Однако эта новость явно успокоила чадолюбивого отца. Неужели он и вправду боялся за жизнь сына? И хотя из-за надвигающегося Апокалипсиса Азирафель и признавал необходимость в Тёмном Лорде — хотя бы для избавления от сатанинского отродья! — но его методы пока вызывали много нареканий. Взять, к примеру, те же метки, или обязательное коленопреклонение с целованием подола мантии… так и до оргий недалеко. Надо бы у Барти расспросить о последних поподробнее. Кроули, конечно, может и поучаствовать в подобном, но лучше бы не. К тому же это пойдёт во вред их Соглашению о равновесии. Да и вообще… лучше не надо!
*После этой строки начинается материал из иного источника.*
(* The language $L\subseteq\{a,b\}^*$ given by the regular expression $(a(ab)^*b)^*$ is definable in $FO[<]$ but not in $FO^2[<,\mathrm{Inv}]$.
   Context: $FO[<]$ is first-order logic over finite words with the order $<$ on positions and unary predicates $a(x)$ (letter at position $x$ is $a$). $FO^2[<,\mathrm{Inv}]$ is its two-variable fragment extended by binary predicates $a(x,y)$ meaning $\exists z(x<z\wedge z<y\wedge a(z))$ (only two variables may be used in formulas). A language is definable in a logic if it is the set of words satisfying some sentence of that logic. *)

From mathcomp Require Import all_boot.
Set Implicit Arguments. Unset Strict Implicit. Unset Printing Implicit Defensive.

Inductive letter := La | Lb.

Definition word := seq letter.

Definition letter_at (w : word) (i : nat) : letter := nth La w i.

Inductive regex :=
| REps
| RSym of letter
| RCat of regex & regex
| RUnion of regex & regex
| RStar of regex.

Inductive matches : regex -> word -> Prop :=
| m_eps : matches REps [::]
| m_sym c : matches (RSym c) [:: c]
| m_cat r s u v : matches r u -> matches s v -> matches (RCat r s) (u ++ v)
| m_unionl r s w : matches r w -> matches (RUnion r s) w
| m_unionr r s w : matches s w -> matches (RUnion r s) w
| m_star0 r : matches (RStar r) [::]
| m_starS r u v : matches r u -> matches (RStar r) v -> matches (RStar r) (u ++ v).

Definition L_regex : regex :=
  RStar (RCat (RCat (RSym La) (RStar (RCat (RSym La) (RSym Lb)))) (RSym Lb)).

Definition L : word -> Prop := matches L_regex.

Inductive fo :=
| FLt of nat & nat
| FEq of nat & nat
| FLetter of letter & nat
| FNot of fo
| FAnd of fo & fo
| FOr of fo & fo
| FEx of nat & fo.

Definition upd (nu : nat -> nat) (x i : nat) : nat -> nat :=
  fun y => if y == x then i else nu y.

Fixpoint fo_sat (w : word) (nu : nat -> nat) (f : fo) : Prop :=
  match f with
  | FLt x y => nu x < nu y
  | FEq x y => nu x = nu y
  | FLetter c x => letter_at w (nu x) = c
  | FNot g => ~ fo_sat w nu g
  | FAnd g h => fo_sat w nu g /\ fo_sat w nu h
  | FOr g h => fo_sat w nu g \/ fo_sat w nu h
  | FEx x g => exists i, i < size w /\ fo_sat w (upd nu x i) g
  end.

Fixpoint fo_fv (f : fo) : seq nat :=
  match f with
  | FLt x y | FEq x y => [:: x; y]
  | FLetter _ x => [:: x]
  | FNot g => fo_fv g
  | FAnd g h | FOr g h => fo_fv g ++ fo_fv h
  | FEx x g => [seq y <- fo_fv g | y != x]
  end.

Definition fo_sentence (f : fo) : Prop := fo_fv f = [::].

(** A language is FO[<]-definable if it is the set of words satisfying
    some FO[<] sentence (the assignment is irrelevant for sentences). *)
Definition FO_definable (K : word -> Prop) : Prop :=
  exists f, fo_sentence f /\ forall w, K w <-> fo_sat w (fun _ => 0) f.

Inductive fo2 :=
| GLt of bool & bool
| GEq of bool & bool
| GLetter of letter & bool
| GInv of letter & bool & bool     (* a(x,y) := exists z, x < z < y /\ a(z) *)
| GNot of fo2
| GAnd of fo2 & fo2
| GOr of fo2 & fo2
| GEx of bool & fo2.

Definition upd2 (nu : bool -> nat) (x : bool) (i : nat) : bool -> nat :=
  fun y => if y == x then i else nu y.

Fixpoint fo2_sat (w : word) (nu : bool -> nat) (f : fo2) : Prop :=
  match f with
  | GLt x y => nu x < nu y
  | GEq x y => nu x = nu y
  | GLetter c x => letter_at w (nu x) = c
  | GInv c x y => exists z, nu x < z /\ z < nu y /\ z < size w /\ letter_at w z = c
  | GNot g => ~ fo2_sat w nu g
  | GAnd g h => fo2_sat w nu g /\ fo2_sat w nu h
  | GOr g h => fo2_sat w nu g \/ fo2_sat w nu h
  | GEx x g => exists i, i < size w /\ fo2_sat w (upd2 nu x i) g
  end.

Fixpoint fo2_fv (f : fo2) : seq bool :=
  match f with
  | GLt x y | GEq x y | GInv _ x y => [:: x; y]
  | GLetter _ x => [:: x]
  | GNot g => fo2_fv g
  | GAnd g h | GOr g h => fo2_fv g ++ fo2_fv h
  | GEx x g => [seq y <- fo2_fv g | y != x]
  end.

Definition fo2_sentence (f : fo2) : Prop := fo2_fv f = [::].

Definition FO2Inv_definable (K : word -> Prop) : Prop :=
  exists f, fo2_sentence f /\ forall w, K w <-> fo2_sat w (fun _ => 0) f.

(* A word lies in L exactly when the height (#a - #b) of each of its prefixes stays in
   [0, 2] and the whole word has height 0.  Locally this says: the word starts with a,
   ends with b, and its doubles (equal adjacent letters aa or bb) alternate, the first
   one being aa and the last one bb.  That is a first-order property.

   For FO^2[<,Inv], fix a quantifier depth K and compare u = (a (ab)^N b (ab)^N)^M, a
   word of L, with the word v obtained by inserting one a inside a block; v has odd
   length, so it is not in L.  Around the inserted a, v looks like u at a block
   boundary, so for N and M large every window of either word reappears in every long
   enough stretch of the other one.  With k rounds left, Duplicator answers a move by a
   position carrying the same window of radius 6(k+1), and copies positions near both
   ends exactly.  Neither word has three equal adjacent letters, so both letters occur
   strictly between any two positions at distance at least 4: equal windows and distant
   positions determine the 2-types, Inv predicates included. *)

From HB Require Import structures.
From mathcomp Require Import all_boot zify.
From Stdlib Require Import ZArith Lia Classical.
Set Implicit Arguments. Unset Strict Implicit. Unset Printing Implicit Defensive.
Arguments letter_at : simpl never.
Кроули несколько долгих мгновений разглядывал Малфоя, — наверняка, чтобы обрести подходящий настрой! — а потом вкрадчиво улыбнулся:
— Люциус, мой скользкий друг, скажи мне, как ты догадался. Уж будь любезен.
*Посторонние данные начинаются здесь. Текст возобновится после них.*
Lemma binom_pos n k : (k <= n)%nat -> 0 < INR (binom n k).
Proof.
  revert k; induction n as [|n IH]; intros [|k] h; simpl binom; try lia; try (simpl; lra).
  rewrite plus_INR. pose proof (IH k ltac:(lia)). pose proof (pos_INR (binom n (S k))). lra.
Qed.

Definition binom_entropy (l k : R) : R := xlogx l - xlogx k - xlogx (l - k).

Lemma binom_entropy_div l k t : 0 <= k <= l -> 0 < t ->
  binom_entropy (l / t) (k / t) = binom_entropy l k / t.
Proof.
  intros hkl ht. unfold binom_entropy.
  replace (l / t - k / t) with ((l - k) / t) by (field; lra).
  rewrite !xlogx_div by lra. field. lra.
Qed.

Lemma Rabs_ln_binom_sub n k : (k <= n)%nat ->
  Rabs (ln (INR (binom n k)) - binom_entropy (INR n) (INR k)) <= 3 + 3 * ln (INR n + 1).
Proof.
  intros hkn. rewrite binom_C by exact hkn. unfold Binomial.C.
  assert (hfact : forall N, 0 < INR (fact N)) by (intros; apply lt_0_INR, lt_O_fact).
  rewrite ln_div, ln_mult by (try apply Rmult_lt_0_compat; apply hfact).
  pose proof (Rabs_ln_fact_sub n) as hn.
  pose proof (Rabs_ln_fact_sub k) as hk.
  pose proof (Rabs_ln_fact_sub (n - k)) as hnk.
  rewrite minus_INR in hnk by exact hkn.
  apply le_INR in hkn. pose proof (pos_INR k).
  assert (ln (INR k + 1) <= ln (INR n + 1)) by (apply ln_le; lra).
  assert (ln (INR n - INR k + 1) <= ln (INR n + 1)) by (apply ln_le; lra).
  unfold binom_entropy.
  apply Rabs_le_between in hn, hk, hnk. apply Rabs_le. lra.
Qed.

Lemma Rabs_xlogx_le_sqrt s : 0 <= s <= 1 -> Rabs (xlogx s) <= 2 * sqrt s.
Proof.
  intros hs. destruct (Req_dec s 0) as [->|hne].
  { rewrite xlogx_nonpos, Rabs_R0, sqrt_0 by lra. lra. }
  rewrite xlogxE.
  assert (hsqrt : 0 < sqrt s) by (apply sqrt_lt_R0; lra).
  assert (hsq : sqrt s * sqrt s = s) by (apply sqrt_sqrt; lra).
  assert (hln : ln s <= 0) by (rewrite <- ln_1; apply ln_le; lra).
  (* s (- ln s) = 2 s ln (1 / sqrt s) <= 2 s / sqrt s = 2 sqrt s *)
  assert (hinv : ln (/ sqrt s) <= / sqrt s - 1) by (apply ln_le_sub1, Rinv_0_lt_compat; lra).
  rewrite ln_Rinv in hinv by lra.
  assert (hln2 : ln s = 2 * ln (sqrt s)) by (rewrite <- hsq at 1; rewrite ln_mult by lra; ring).
  assert (hmul : s * - ln (sqrt s) <= s * / sqrt s) by (apply Rmult_le_compat_l; lra).
  replace (s * / sqrt s) with (sqrt s) in hmul by (rewrite <- hsq at 2; field; lra).
  rewrite Rabs_left1, hln2 by nra. lra.
Qed.
Lemma colorN_of_separated : c j' = ~~ c j.
Proof.
by move: sep; rewrite !ext_answerE //; case: (c j); case: (c j'); rewrite //= eqxx.
Qed.

(* If [j] makes the smaller answer, its colour is the majority of [j |: B] and
   that answer counts the other colour; otherwise the colour of [j] is the
   minority of [j' |: B]. *)
Lemma ncol_color_separated :
  ncol c (c j) B =
  if ext_answer c B j < ext_answer c B j' then #|B| - ext_answer c B j
  else ext_answer c B j'.
Proof.
move: sep; rewrite !ext_answerE // -ncol_sum.
by case: (c j); case: (c j') => /= ?; case: ifP => ?; lia.
Qed.

Lemma card_color_class_separated :
  #|[set x | c x == c j]| =
  (if ext_answer c B j < ext_answer c B j' then #|B| - ext_answer c B j
   else ext_answer c B j')
  + #|[set l in ~: B | ext_answer c B l == ext_answer c B j]|.
Proof.
rewrite -ncol_color_separated -(cardsID B [set x | c x == c j]).
congr (_ + _); apply: eq_card => x; rewrite !inE; first by rewrite andbC.
case: (boolP (x \in B)) => //= xB; apply/eqP/eqP; first exact: ext_answer_eq_color.
exact: ext_answer_inj ncol_neq_of_separated.
Qed.

End Separated.

Lemma majority_ball_eq_color i i' : c i = c i' -> majority_ball c i = majority_ball c i'.
Proof. by rewrite /majority_ball => ->. Qed.
(* In the setting where $\mathcal{H}$ is finite-dimensional with Hamiltonian $H$, $p_1,\dots,p_k\ge0$ sum to $1$, $\rho_1,\dots,\rho_k$ are density operators, $\rho^N:=\rho_1^{\otimes(N-\sum_{i\ge2}\lfloor p_iN\rfloor)}\otimes\bigotimes_{i\ge2}\rho_i^{\otimes\lfloor p_iN\rfloor}$ and $H_N=\sum_{j=1}^Nh_j$ with $h_j$ equal to $H$ on the $j$-th factor, assume there exists $\beta\in(0,\infty)$ with $S_{\mathrm{vN}}(\rho_\beta)=\sum_ip_iS_{\mathrm{vN}}(\rho_i)$, where $\rho_\beta=e^{-\beta H}/\mathrm{tr}[e^{-\beta H}]$. Then $$\liminf_{N\to\infty}\frac1N\min_U\mathrm{tr}\big[H_N U\rho^NU^\dagger\big]\ \ge\ \mathrm{tr}[H\rho_\beta].$$
   Context: $S_{\mathrm{vN}}(\sigma)=-\mathrm{tr}[\sigma\ln\sigma]$ is the von Neumann entropy; the minimum is over all unitaries on $\mathcal{H}^{\otimes N}$; $\rho_i^{\otimes 0}$ means no factor. *)

From HB Require Import structures.
From mathcomp Require Import all_boot all_order all_algebra.
From mathcomp Require Import sesquilinear spectral.
From mathcomp Require Import complex mxtens.
From mathcomp Require Import classical_sets reals constructive_ereal ereal
  topology normedtype sequences exp.

Set Implicit Arguments.
Unset Strict Implicit.
Unset Printing Implicit Defensive.

Import Order.TTheory GRing.Theory Num.Theory.
Local Open Scope ring_scope.
Local Open Scope sesquilinear_scope.

Section Quantum.
Variable R : realType.
Local Notation C := R[i].
Lemma sum_prob_QFI_le x (A : {set Om}) : (forall w, w \in A -> 0 < pr w x) ->
  \sum_(w in A) pr w x * QFI (sigvec psi phi U pi w) x <= QFI state x.
Proof.
move=> A_pos; rewrite QFI_state.
apply: (@le_trans _ _ (\sum_(w in A) Iomega psi phi U pi w x)).
  apply: ler_sum => w wA; apply: le_trans (prob_QFI_le_Iomega (A_pos w wA)).
  by rewrite lerDl divr_ge0 ?sqr_ge0 // ltW // A_pos.
rewrite [leRHS](bigID (mem A)) /= lerDl; apply: sumr_ge0 => w _.
by rewrite Iomega_braE mulr_ge0 ?normsq_ge0.
Qed.

End Measurement.

Theorem mainTheorem5 (R : realType) (S E Om : finType)
    (psi : S -> R[i]) (phi : E -> R[i])
    (U : R -> (S * E)%type -> (S * E)%type -> R[i])
    (pi : Om -> E -> R[i]) :
  normsq psi = 1 ->
  normsq phi = 1 ->
  C1_family U ->
  unitary_family U ->
  orthonormal_basis pi ->
  forall x : R,
    (forall w : Om, 0 < prob psi phi U pi w x ->
       prob psi phi U pi w x * QFI (sigvec psi phi U pi w) x
       + (derive1 (prob psi phi U pi w) x) ^+ 2 / prob psi phi U pi w x
       <= Iomega psi phi U pi w x) /\
    (forall A : {set Om}, (forall w, w \in A -> 0 < prob psi phi U pi w x) ->
       \sum_(w in A) prob psi phi U pi w x * QFI (sigvec psi phi U pi w) x
       <= QFI (Psi psi phi U) x).
Proof.
move=> psi1 phi1 U_C1 U_unitary pi_onb x; split.
- by move=> w; exact: prob_QFI_le_Iomega.
- by move=> A; exact: sum_prob_QFI_le.
Qed.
— Мой Лорд, вас невозможно не узнать, какое бы обличье вы не избрали.
— И всё же. Я желаю знать, что меня выдало.
— Всё, мой Лорд! Воля, сила, взгляд, походка…
Кроули на мгновение не смог сдержать недоумения:
— Но Дамблдор…
— Он теряет хватку. Не заметить вас прямо у себя под носом, да ещё взять на должность профессора… Мой Лорд, это лишний раз доказывает прогрессирующее слабоумие Дамблдора. Я частенько с ним общаюсь, — Люциус выразительно вздохнул и добавил: — По долгу службы, разумеется. Так вот, кроме скандалов его больше ничего не интересует.
— Правда?
— Да, — Люциус улыбнулся. — Позвольте сделать вам комплимент, мой Лорд. Ход со скандалом просто блестящий. Ни за что не поверю, чтобы вы позволили Скитер написать о вашем мнимом романе без далекоидущих планов.
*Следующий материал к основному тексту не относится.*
Lemma twist_point s Z : twist s (point Z) = lam * alpha ^ setpoly (twist_coef s) Z.
Proof.
rewrite /twist hf in_aff_point mulrCA -expfzDr ?alpha_neq0 //; congr (_ * alpha ^ _).
rewrite setpolyD setpoly_sum -(@phase_setpoly _ c1 c2 cS (freevals hr (point Z))) => [|j].
  by congr (_ + _); apply: eq_bigr => i _; rewrite setpolyZ setpoly_bitcoef ffunE.
by rewrite /freevals point_widen.
Qed.

Lemma classA_twist_dvd s :
  classA (twist s) -> forall T, (2 ^+ minn #|T| 3 %| twist_coef s T)%Z.
Proof.
case=> [twist0 | [F [_ [_ [_ [mu [l [q [_ twistE]]]]]]]]].
  by have := twist_neq0 s (point set0); rewrite twist0 eqxx in_aff_point.
(* Twice the class-A exponent is a quadratic form in the bits [2 x_u]. *)
have [k dk /= kE] := dyadic_quadratic (fun u => u \in F) (fun u v : 'I_n => (u < v)%N) l q
  (fun i => dyadic_bitcoef (rowset i) (b i)).
have bitE u Z : setpoly (fun T => 2 * bitcoef (rowset u) (b u) T) Z = 2 * b2i (point Z u).
  by rewrite setpolyZ setpoly_bitcoef ffunE.
have twistZ Z : twist s (point Z) = mu * alpha ^ setpoly k Z.
  rewrite twistE ?twist_neq0 ?in_aff_point // i_expz -kE mulrDr !mulr_sumr.
  congr (_ * alpha ^ (_ + _)).
    rewrite [RHS](eq_bigr (fun u => 2 * (l u * b2i (point Z u)))) // => u _.
    by rewrite bitE mulrCA.
  rewrite [RHS](eq_bigr (fun u : 'I_n => 2 * (2 * \sum_(v in F | (u < v)%N)
     q u v * b2i (point Z u) * b2i (point Z v)))) // => u _.
  by rewrite !mulr_sumr; apply: eq_bigr => v _; rewrite !bitE; ring.
have ratio Z : alpha ^ (setpoly (twist_coef s) Z - setpoly k Z) = mu / lam.
  have := twistZ Z; rewrite twist_point => eqZ.
  rewrite expfzDr ?alpha_neq0 // -invr_expz; apply: (mulfI hlam).
  by rewrite mulrA eqZ mulfK ?expfz_neq0 ?alpha_neq0 // mulrCA divff ?mulr1.
apply: dyadic_mod8 dk _ => Z.
by rewrite -(setpoly_set0 (twist_coef s)) -(setpoly_set0 k) -alpha_expz_eq !ratio.
Qed.

Lemma twist_classA s :
  (forall T, (2 ^+ minn #|T| 3 %| twist_coef s T)%Z) -> classA (twist s).
Proof.
move=> dvd_e; right; exists free_coords, (fun i => lift_free (a i) false), b; split.
  by apply: affine_free_support => x; rewrite twist_neq0.
(* Modulo 8 only the coefficients of degree at most 2 survive; halve and quarter them. *)
exists (lam * alpha ^ twist_coef s set0),
  (lift_free (fun j => twist_coef s [set j] %/ 2)%Z 0),
  (fun u v => lift_free (fun j => lift_free (fun k => twist_coef s [set j; k] %/ 4)%Z 0 v) 0 u).
split; first by rewrite mulf_neq0 // expfz_neq0 // alpha_neq0.
move=> x; rewrite twist_neq0 in_affE => /eqP ->; set Z := free_ones x.
rewrite twist_point i_expz -mulrA -expfzDr ?alpha_neq0 //; congr (_ * _); apply/eqP.
rewrite alpha_expz_eq [X in (8 %| _ - X)%Z](_ : _ =
  setpoly (fun T => if (#|T| <= 2)%N then twist_coef s T else 0) Z).
  exact: setpoly_mod8_deg2.
rewrite setpoly_deg2 -[RHS]addrA mulrDr !big_free_coords !mulr_sumr; congr (_ + (_ + _)).
  apply: eq_bigr => j _; have dvd2 : (2 %| twist_coef s [set j])%Z.
    by have := dvd_e [set j]; rewrite cards1.
  by rewrite lift_free_widen point_widen -[in RHS](divzK dvd2); ring.
apply: eq_bigr => j _; rewrite big_free_coords_cond !mulr_sumr; apply: eq_bigr => k ltjk.
have dvd4 : (4 %| twist_coef s [set j; k])%Z by have := dvd_e [set j; k]; rewrite cards2_lt.
by rewrite !lift_free_widen !point_widen -[in RHS](divzK dvd4); ring.
Qed.

Lemma classL_iff_parity : classL f <->
  (forall T, (4 <= #|T|)%N -> (2 %| cS T)%Z) /\
  (forall T0 T, (1 <= #|T| <= 3)%N -> ((incid (point T0) T)%:Z = ccoef c1 c2 cS T %[mod 2])%Z).
Proof.
split => [fL | [dvd_cS par] s].
  have fP T0 : f (point T0) != 0 by rewrite f_neq0 in_aff_point.
  have par T0 := (twist_coef_dvd_iff a b c1 c2 cS (point T0)).1
    (classA_twist_dvd (fL _ (fP T0))).
  by split => [|T0]; [exact: (par set0).1 | exact: (par T0).2].
rewrite f_neq0 in_affE => /eqP ->.
by apply/twist_classA/(twist_coef_dvd_iff a b c1 c2 cS); split => //; apply: par.
Qed.

End AffineSupport.

Theorem theorem3p4 (n r : nat) (hr : (r <= n)%N)
  (a : 'I_n -> 'I_r -> bool) (b : 'I_n -> bool)
  (ha : forall j k : 'I_r, a (widen_ord hr j) k = (j == k))
  (hb : forall j : 'I_r, b (widen_ord hr j) = false)
  (lam : algC) (hlam : lam != 0)
  (c1 : 'I_r -> int) (c2 : 'I_r -> 'I_r -> int) (cS : {set 'I_r} -> int)
  (f : bvec n -> algC)
  (hf : forall x : bvec n, f x =
     if in_aff hr a b x then
       lam * alpha ^ (Lpoly c1 (freevals hr x) + 2 * Qpoly c2 (freevals hr x)
                      + 4 * Hpoly cS (freevals hr x))
     else 0) :
  classL f <->
  [/\ (forall S : {set 'I_r}, (4 <= #|S|)%N -> (2 %| cS S)%Z),
      (forall S : {set 'I_r}, (1 <= #|S| <= 4)%N ->
          ~~ odd (\sum_(i < n) \prod_(j in S) (a i j : nat))%N),
      (forall j : 'I_r,
          ((\sum_(i < n) (a i j : nat) * (b i : nat))%N%:Z = c1 j %[mod 2])%Z),
      (forall j k : 'I_r, (j < k)%N ->
          ((\sum_(i < n) (a i j : nat) * (a i k : nat) * (b i : nat))%N%:Z
             = c2 j k %[mod 2])%Z) &
      (forall S : {set 'I_r}, #|S| = 3%N ->
          ((\sum_(i < n) (\prod_(j in S) (a i j : nat)) * (b i : nat))%N%:Z
             = cS S %[mod 2])%Z)].
Proof.
have [toPar ofPar] := classL_iff_parity ha hb hlam hf.
have [toB ofB] := incid_point_parity a b (ccoef c1 c2 cS).
split => [/toPar[dvd_cS /toB[evenN /forall_card123[par1 par2 par3]]] | ].
  split => // [S /evenN | j | j k ltjk | S cardS].
  - by rewrite sum_prod_rowset.
  - by rewrite incid_b_set1 -(ccoef_set1 c1 c2 cS); exact: par1.
  - by rewrite incid_b_set2 -(ccoef_set2 c1 c2 cS ltjk); exact: par2.
  - by rewrite sum_prod_rowset_b -(@ccoef_card_ge3 _ c1 c2 cS S) ?cardS //; exact: par3.
move=> [dvd_cS evenN par1 par2 par3]; apply/ofPar; split => //.
apply/ofB; split => [S /evenN | ]; first by rewrite sum_prod_rowset.
apply/forall_card123; split => [j | j k ltjk | S cardS].
- by rewrite ccoef_set1 -incid_b_set1; exact: par1.
- by rewrite ccoef_set2 // -incid_b_set2; exact: par2.
- by rewrite ccoef_card_ge3 ?cardS // -sum_prod_rowset_b; exact: par3.
Qed.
— Пожалуй, ты прав, Люциус, — натянуто улыбнулся Кроули. — Роман мнимый, цель великая, но вернёмся к нашим баранам. Кто остался мне верен из тех, кому удалось сохранить свободу?
— Все, мой Лорд.
— Все?
— Разумеется, кроме Каркарова. На суде он сдал всех.
Азирафель едва не выдал своего удивления. Каркаров тоже из них? Вот этот упивающийся собственной важностью? Он тоже?!
— Ему это зачтётся, — пообещал Кроули. — А Снейп?
Люциус замер.
— А разве вы… мне казалось, здесь в замке он служит вам — он же всегда исполнял ваши особые поручения, мой Лорд.
Вот как?! Особые? Азирафель отвёл взгляд и принялся наблюдать за маршем овечек, чтобы не испортить игру Кроули. До сих пор тот действовал идеально — Малфой даже не заметил подмены.
— Мне лишь интересно узнать, как ему удалось избежать тюрьмы.
— Я наверняка не знаю. Вам лучше спросить это у него.
— Я так и сделаю, — Кроули превратил вино в виски и отсалютовал бокалом ошарашенному этим чудом Малфою. — Но ведь ты понимаешь, что я пригласил тебя не за этим?
Азирафель прикусил язык, чтобы не напомнить, что Малфой сам искал этой встречи, потому что тот сдержанно кивнул:
— Да, мой Лорд. Я готов к новому заданию.
— Хорошо. Мне нужны отчёты о том, как все вы провели время без меня.
— Мой Лорд…
Малфой казался слишком удивлённым для такого простого задания, и Азирафель испугался, не перегнул ли Кроули палку. Но тот быстро ориентировался.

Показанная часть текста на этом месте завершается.